Collected data entries:
━━━━━━━━━━

Lemma produced_output s' : produced s' = output_at s' (size s').
Proof. by rewrite /produced /output_at /state_at take_size. Qed.

Lemma mem_produced z : elt z -> z \in produced s.
Proof. by move=> z_elt; rewrite produced_output (pop_indexP z (leqnn _)) pop_index_lt. Qed.

Lemma before_index u v : before s u v -> u \in produced s -> v \in produced s ->
  index u (produced s) < index v (produced s).
Proof.
move=> uv u_out v_out; rewrite produced_output in u_out v_out *.
apply: index_lt_pairwise_asym (output_at_before (leqnn _)) _ _ _ (before_asym uv) => //.
by apply/eqP => eq_uv; move: uv; rewrite eq_uv /before /above; lia.
Qed.

Lemma index_before u v : u \in produced s -> v \in produced s ->
  index u (produced s) < index v (produced s) -> before s u v.
Proof. by rewrite produced_output; apply/index_lt_pairwise/output_at_before. Qed.

End Stacks.

(* The output order, hence [before], is determined by the produced permutation. *)
Lemma equivalent_before s1 s2 u v : equivalent s1 s2 ->
  0 < u <= pushes s1 -> 0 < v <= pushes s1 -> before s1 u v -> before s2 u v.
Proof.
move=> [wf1 [wf2 [_ Eprod]]] u_elt v_elt uv.
have := before_index wf1 uv (mem_produced wf1 u_elt) (mem_produced wf1 v_elt).
rewrite Eprod; apply: index_before; rewrite // -Eprod; exact: mem_produced.
Qed.

Lemma equivalent_sym s1 s2 : equivalent s1 s2 -> equivalent s2 s1.
Proof. by move=> [wf1 [wf2 [Esize Eprod]]]. Qed.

━━━━━━━━━━

■ **About this task**
Scan the entries for lines holding the string "move", then copy every one of them.

■ **Answer below**
Proof. by move=> z_elt; rewrite produced_output (pop_indexP z (leqnn _)) pop_index_lt. Qed.
move=> uv u_out v_out; rewrite produced_output in u_out v_out *.
by apply/eqP => eq_uv; move: uv; rewrite eq_uv /before /above; lia.
move=> [wf1 [wf2 [_ Eprod]]] u_elt v_elt uv.
Proof. by move=> [wf1 [wf2 [Esize Eprod]]]. Qed.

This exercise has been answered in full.